А инженер полка – это вообще, конечно, особая статья. Не помню его фамилии… Светлый такой, высокий, красивый был человек. Ему подчинялись саперные подразделения, которые, по современным представлениям, только занимаются тем, что мины обезвреживают. Во-первых, саперы не только мины обезвреживают, но и мины ставят, потому что нужно же охранить позиции батальона от возможного проникновения противника.

Кроме того, в их ведении было огромное количество инженерных сооружений, начиная от блиндажей. Причем, как всегда и везде, такая легкая коррупция существует: ну, конечно, командиру полка оборудовали прекрасный блиндаж… Ну, уж себе этот инженер оборудовал блиндаж (не помню, почему я к нему однажды попал) – как гостиница «Россия», ей-Богу, как номер: всё дерево, зеркала (где он их натаскал?), прекрасная мебель, то ли двухкомнатным, то ли трехкомнатным он у него получился. У него тоже была девушка, лет девятнадцати, тоже санинструктор – очень милая, худенькая, Лидой ее звали… К сожалению, в конце войны в Пруссии ей попал в голову снаряд – прямо почти на моих глазах… Она блондинка была, все ее светлые волосы залило кровью, я к ней бросился, думал, что можно помочь, но полчерепа было уже снесено… Там мы ее и похоронили, в Восточной Пруссии… Но до тех пор она жила с этим инженером. Вот так он хорошо там устроился…

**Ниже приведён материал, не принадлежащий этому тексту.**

(* Let $m,d,n\ge1$, $p,q,\lambda>0$, $g(\alpha)=\|\alpha/\lambda\|_p^q$, and let $\mathfrak{D}$ be the set of matrices $D\in\mathbb{R}^{m\times d}$ whose columns all have unit $\ell_2$-norm. For any $X=[x_1,\dots,x_n]\in\mathbb{R}^{m\times n}$ define $$F_X(D)=\frac1n\sum_{i=1}^n\inf_{\alpha\in\mathbb{R}^d}\Big(\tfrac12\|x_i-D\alpha\|_2^2+g(\alpha)\Big),\qquad L_X=\frac1n\sum_{i=1}^n\|x_i\|_2\cdot\lambda\cdot d^{(1-1/p)_+}\Big(\tfrac12\|x_i\|_2^2\Big)^{1/q}.$$ Then for any $X$ and any $D,D'\in\mathfrak{D}$, $$|F_X(D')-F_X(D)|\le L_X\,\|D'-D\|_{1\to2}.$$
   Context: $(t)_+=\max\{t,0\}$. For a matrix $M$ with columns $m_i$, $\|M\|_{1\to2}=\max_i\|m_i\|_2$. For $0<p<1$, $\|\cdot\|_p$ is the $\ell_p$ quasi-norm. *)

From HB Require Import structures.
From mathcomp Require Import all_boot all_order all_algebra.
From mathcomp Require Import all_classical all_reals all_analysis.
Set Implicit Arguments. Unset Strict Implicit. Unset Printing Implicit Defensive.
Import Order.TTheory GRing.Theory Num.Theory.
Local Open Scope ring_scope.
Local Open Scope classical_set_scope.

Definition norm2 (R : realType) (k : nat) (v : 'cV[R]_k) : R :=
  Num.sqrt (\sum_(i < k) v i 0 ^+ 2).

Definition lpnorm (R : realType) (k : nat) (p : R) (v : 'cV[R]_k) : R :=
  (\sum_(i < k) `|v i 0| `^ p) `^ p^-1.

Definition greg (R : realType) (d : nat) (p q lam : R) (a : 'cV[R]_d) : R :=
  (lpnorm p (lam^-1 *: a)) `^ q.

(* ||M||_{1->2} = max column l2 norm *)
Definition norm12 (R : realType) (m d : nat) (M : 'M[R]_(m, d)) : R :=
  \big[Num.max/0]_(j < d) norm2 (col j M).

Definition unit_cols (R : realType) (m d : nat) (D : 'M[R]_(m, d)) : Prop :=
  forall j : 'I_d, norm2 (col j D) = 1.

Definition FX (R : realType) (m d n : nat) (p q lam : R)
    (X : 'M[R]_(m, n)) (D : 'M[R]_(m, d)) : R :=
  n%:R^-1 * \sum_(i < n)
    inf [set (2^-1 * norm2 (col i X - D *m a) ^+ 2 + greg p q lam a)
        | a in [set: 'cV[R]_d]].

Definition LX (R : realType) (m n : nat) (d : nat) (p q lam : R)
    (X : 'M[R]_(m, n)) : R :=
  n%:R^-1 * \sum_(i < n)
    (norm2 (col i X) * lam * (d%:R `^ Num.max (1 - p^-1) 0)
       * ((2^-1 * norm2 (col i X) ^+ 2) `^ q^-1)).

From HB Require Import structures.
From mathcomp Require Import all_boot all_order all_algebra.
From mathcomp Require Import all_classical all_reals all_analysis.
From mathcomp Require Import lra ring.
Import Order.TTheory GRing.Theory Num.Theory.
Set Implicit Arguments. Unset Strict Implicit.
Local Open Scope ring_scope.

(* Fix a column x and put c := lambda d^((1-1/p)_+) (|x|^2/2)^(1/q).  Only
   codes alpha with objective at most its value |x|^2/2 at alpha = 0 matter
   for the infimum; for them g(alpha) <= |x|^2/2, hence |alpha|_1 <= c by the
   comparison of l1 and lp norms, and the residual |x - D alpha| is at most
   |x|.  Evaluating the objective for D' at the same alpha then gives
   f(D') - f(D) <= |x| c delta + c^2 delta^2 / 2 with delta = |D' - D|_{1->2},
   without the infimum having to be attained.  Subdividing the segment
   [D, D'] into k pieces divides the quadratic remainder by k, so it vanishes
   and the Lipschitz bound remains. *)

Section EuclideanNorm.
Variables (R : realType) (k : nat).
Implicit Types u v : 'cV[R]_k.

Lemma norm2_ge0 v : 0 <= norm2 v.
Proof. exact: sqrtr_ge0. Qed.

Lemma norm2_sqr v : norm2 v ^+ 2 = \sum_(i < k) v i 0 ^+ 2.
Proof. by rewrite sqr_sqrtr // sumr_ge0 // => i _; exact: sqr_ge0. Qed.

Lemma norm2_eq0 v i : norm2 v = 0 -> v i 0 = 0.
Proof.
move=> v0; have : \sum_(i < k) v i 0 ^+ 2 = 0 by rewrite -norm2_sqr v0 expr0n.
move/(psumr_eq0P (fun i _ => sqr_ge0 (v i 0)))/(_ i isT)/eqP.
by rewrite sqrf_eq0 => /eqP.
Qed.

Lemma norm2_0 : norm2 (0 : 'cV[R]_k) = 0.
Proof. by rewrite /norm2 big1 ?sqrtr0 // => i _; rewrite mxE expr0n. Qed.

Был еще комиссар (собственно, заместитель командира полка по политической части – все его называли комиссаром), но он как-то держался в стороне… Был еще смершевец, такой капитан СМЕРШ Карташевский, но, по-моему, он тоже мало влиял на события и как-то к аристократии полка не относился. Вот, собственно говоря, это то, что называлось «полк».

Дальше шли тылы дивизии – это где-то было уже совсем далеко, 10–12 км от фронта. Там уже были прекрасные палатки, строения, чего там только не было! Когда я туда попал в медико-санитарный батальон – три дня лежал там с легким ранением, – меня поразило, что там была даже патолого-анатомическая лаборатория… Были и прачечные, и хлебопекарни, всё на свете – в общем, так сказать, почти гражданка – много женщин… В батальон женщин ни при какой погоде не пускали. Первые женщины появлялись только в тылу полка – врач полка, сестра, санинструкторы. По-моему, в лучшем случае было шесть-семь женщин в тылу полка, а в дивизии – несчитанное количество.

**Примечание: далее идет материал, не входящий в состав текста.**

(* Let $Z\in\{0,1\}$, $S(1),S(0)\in\{0,1\}$ and a covariate vector $\mathbf{X}$ be random variables with $Z\perp\!\!\!\perp\{S(1),S(0),\mathbf{X}\}$ and observed $S=S(Z)$. Assume Monotonicity, $S(1)\ge S(0)$ almost surely. Then for any function $h$ of the covariates (with finite moments), $$E\{w_{1,s\bar{s}}(\mathbf{X})h(\mathbf{X})\mid Z=1,S=1\} = E\{w_{0,s\bar{s}}(\mathbf{X})h(\mathbf{X})\mid Z=0,S=0\},$$ $$E\{h(\mathbf{X})\mid Z=1,S=0\} = E\{w_{0,\bar{s}\bar{s}}(\mathbf{X})h(\mathbf{X})\mid Z=0,S=0\},$$ $$E\{w_{1,ss}(\mathbf{X})h(\mathbf{X})\mid Z=1,S=1\} = E\{h(\mathbf{X})\mid Z=0,S=1\},$$ where $w_{1,s\bar{s}}(\mathbf{X}) = \frac{e_{s\bar{s}}(\mathbf{X})}{e_{s\bar{s}}(\mathbf{X})+e_{ss}(\mathbf{X})}\Big/\frac{\pi_{s\bar{s}}}{\pi_{s\bar{s}}+\pi_{ss}}$, $w_{0,s\bar{s}}(\mathbf{X}) = \frac{e_{s\bar{s}}(\mathbf{X})}{e_{s\bar{s}}(\mathbf{X})+e_{\bar{s}\bar{s}}(\mathbf{X})}\Big/\frac{\pi_{s\bar{s}}}{\pi_{s\bar{s}}+\pi_{\bar{s}\bar{s}}}$, $w_{0,\bar{s}\bar{s}}(\mathbf{X}) = \frac{e_{\bar{s}\bar{s}}(\mathbf{X})}{e_{s\bar{s}}(\mathbf{X})+e_{\bar{s}\bar{s}}(\mathbf{X})}\Big/\frac{\pi_{\bar{s}\bar{s}}}{\pi_{s\bar{s}}+\pi_{\bar{s}\bar{s}}}$, $w_{1,ss}(\mathbf{X}) = \frac{e_{ss}(\mathbf{X})}{e_{s\bar{s}}(\mathbf{X})+e_{ss}(\mathbf{X})}\Big/\frac{\pi_{ss}}{\pi_{s\bar{s}}+\pi_{ss}}$.
   Context: The principal stratum is $U=(S(1),S(0))$, whose values $(1,1),(1,0),(0,1),(0,0)$ are labelled $ss, s\bar{s}, \bar{s}s, \bar{s}\bar{s}$. Principal scores: $e_u(\mathbf{X}) = \Pr(U=u\mid \mathbf{X})$; proportions $\pi_u=\Pr(U=u)$. All conditioning events and denominators are assumed positive. *)

From HB Require Import structures.
From mathcomp Require Import all_boot all_order all_algebra.
From mathcomp Require Import all_classical all_reals all_analysis.
Set Implicit Arguments. Unset Strict Implicit. Unset Printing Implicit Defensive.
Import Order.TTheory GRing.Theory Num.Theory.
Local Open Scope classical_set_scope.
Local Open Scope ring_scope.

Section Defs.
Context {R : realType} {d dX : measure_display}
  {T : measurableType d} {XT : measurableType dX}.

Definition cond_exp (P : probability T R) (A : set T) (Y : T -> R) : R :=
  Rintegral P A Y / fine (P A).

Definition stratum (S1 S0 : T -> bool) (u : bool * bool) : set T :=
  [set w | (S1 w, S0 w) = u].

Definition ss : bool * bool := (true, true).
Definition ssbar : bool * bool := (true, false).
Definition sbars : bool * bool := (false, true).
Definition sbarsbar : bool * bool := (false, false).

Definition pi_u (P : probability T R) (S1 S0 : T -> bool) (u : bool * bool) : R :=
  fine (P (stratum S1 S0 u)).

(* e : XT -> R is (a version of) the conditional probability Pr(A | X),
   i.e. e(X) is an integrable sigma(X)-measurable r.v. with
   E[e(X) 1_{X in B}] = P(A /\ X in B) for every measurable B. *)
Definition is_cond_prob_given (P : probability T R) (X : T -> XT)
    (A : set T) (e : XT -> R) : Prop :=
  [/\ measurable_fun setT e,
      P.-integrable setT (EFin \o (e \o X)) &
      forall B : set XT, measurable B ->
        P (A `&` X @^-1` B) = (\int[P]_(w in X @^-1` B) (e (X w))%:E)%E].

Definition indep_Z (P : probability T R) (Z S1 S0 : T -> bool) (X : T -> XT)
  : Prop :=
  forall (b : bool) (u : bool * bool) (B : set XT), measurable B ->
    P ([set w | Z w = b] `&` (stratum S1 S0 u `&` X @^-1` B)) =
    (P [set w | Z w = b] * P (stratum S1 S0 u `&` X @^-1` B))%E.

Definition S_obs (Z S1 S0 : T -> bool) (w : T) : bool :=
  if Z w then S1 w else S0 w.

Definition ev (Z S1 S0 : T -> bool) (z s : bool) : set T :=
  [set w | Z w = z /\ S_obs Z S1 S0 w = s].

End Defs.

(* weights; e : principal scores indexed by strata, pi : proportions *)
Section Weights.
Context {R : realType} {XT : Type}.
Variables (e : bool * bool -> XT -> R) (pi : bool * bool -> R).

Definition w1_ssbar (x : XT) : R :=
  (e ssbar x / (e ssbar x + e ss x)) / (pi ssbar / (pi ssbar + pi ss)).
Definition w0_ssbar (x : XT) : R :=
  (e ssbar x / (e ssbar x + e sbarsbar x)) / (pi ssbar / (pi ssbar + pi sbarsbar)).
Definition w0_sbarsbar (x : XT) : R :=
  (e sbarsbar x / (e ssbar x + e sbarsbar x)) / (pi sbarsbar / (pi ssbar + pi sbarsbar)).
Definition w1_ss (x : XT) : R :=
  (e ss x / (e ssbar x + e ss x)) / (pi ss / (pi ssbar + pi ss)).
End Weights.

From HB Require Import structures.
From mathcomp Require Import all_boot all_order all_algebra.
From mathcomp Require Import all_classical all_reals all_analysis.
From mathcomp Require Import measurable_realfun.
From mathcomp.algebra_tactics Require Import ring.
Import Order.TTheory GRing.Theory Num.Theory.
Local Open Scope classical_set_scope.
Local Open Scope ring_scope.

(* For every (z, s) the event E = {Z = z, S = s} is {Z = z} intersected with
   the union of two principal strata u1, u2. By independence of Z, the measure
   B |-> P(E, X in B) has density P(Z = z) (e_u1 + e_u2) with respect to the
   law of X, and transferring integrals from P restricted to E to the law of X
   (a Radon-Nikodym argument) gives, for g with g (e_u1 + e_u2) = K1 h e_u1 +
   K2 h e_u2,
     E[g(X) | E] = (K1 E[h e_u1] + K2 E[h e_u2]) / (pi_u1 + pi_u2),
   where E[h e_u] is taken under the law of X. Each weight is chosen so that
   only one score survives, and monotonicity makes the stratum (0,1) null, so
   both sides of every identity reduce to E[h e_u] / pi_u for one stratum u. *)

Lemma measurable_invr (R : realType) : measurable_fun setT (@GRing.inv R).
Proof.
rewrite (_ : setT = ~` [set 0] `|` [set 0]); last first.
  by apply/seteqP; split => x //= _; have [->|/eqP] := eqVneq x 0; [right|left].
apply/measurable_funU => //; first exact: measurableC.
split; last exact: measurable_fun_set1.
apply: open_continuous_measurable_fun.
  by rewrite openC; apply: accessible_closed_set1; exact: hausdorff_accessible.
by move=> x /set_mem /eqP x0; exact: inv_continuous.
Qed.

И вот так сравнивать, как на самой передовой стоит один несчастный солдатик в бушлатике[8], я уже говорил, «славяне» мы их называли – один несчастный славянин с винтовочкой, переминается с ноги на ногу от сырости и холода, а дальше, за его спиной идет рота, батальон, потом полк, а потом дивизия – это уже тысячи людей. И вот на этого одного, который реально стоит там, на передовой, по-моему, приходилось 600–700 всяких командиров, комиссаров, связистов, минеров, инженеров, санитаров, транспортников, этих самых прачек, тех, кто должен кормить, кто должен поить – пищевое довольство, вещевое довольство… Организовано это всё было, конечно, очень и очень неплохо, но сама идея… У меня тогда как-то сам собой возникал образ: гигантская пирамида, обращенная вершиной к немцам. На острие пирамиды – солдат, а потом, всё расширяясь к основанию, она вбирает всё больше и больше людей – сначала десятки, потом сотни, потом тысячи… Но, с другой стороны (это я уже теперь так размышляю), без всего этого – без кормежки, без одежды, без боепитания, без медицинской помощи – солдату было не выжить. Так что не знаю… И это, так сказать, в военно-бытовом плане. А в чисто военном? Без артиллерии, без танков, без авиации пехота была бы беспомощна. А ведь все они располагались на некотором отдалении от передовой.

Наш батальон. Бои в Восточной Пруссии

В батальон входили три стрелковые роты, минометная и пулеметная роты и несколько отдельных взводов: взвод связи, саперный взвод, санитарный взвод, взвод хозяйственный (который включал в себя боепитание и кормежку). Кроме того, в каждом батальоне было управление: командир батальона и адъютант старший батальона (фактически начальник штаба) и вестовой, то есть там было всего три человека. Были еще замполит, парторг и комсорг. Комсорга обычно использовали как писаря, а парторг был резервный человек: если выбывал командир роты или командир взвода (в ротах было три взвода), то его могли поставить на замену, что нередко и делали.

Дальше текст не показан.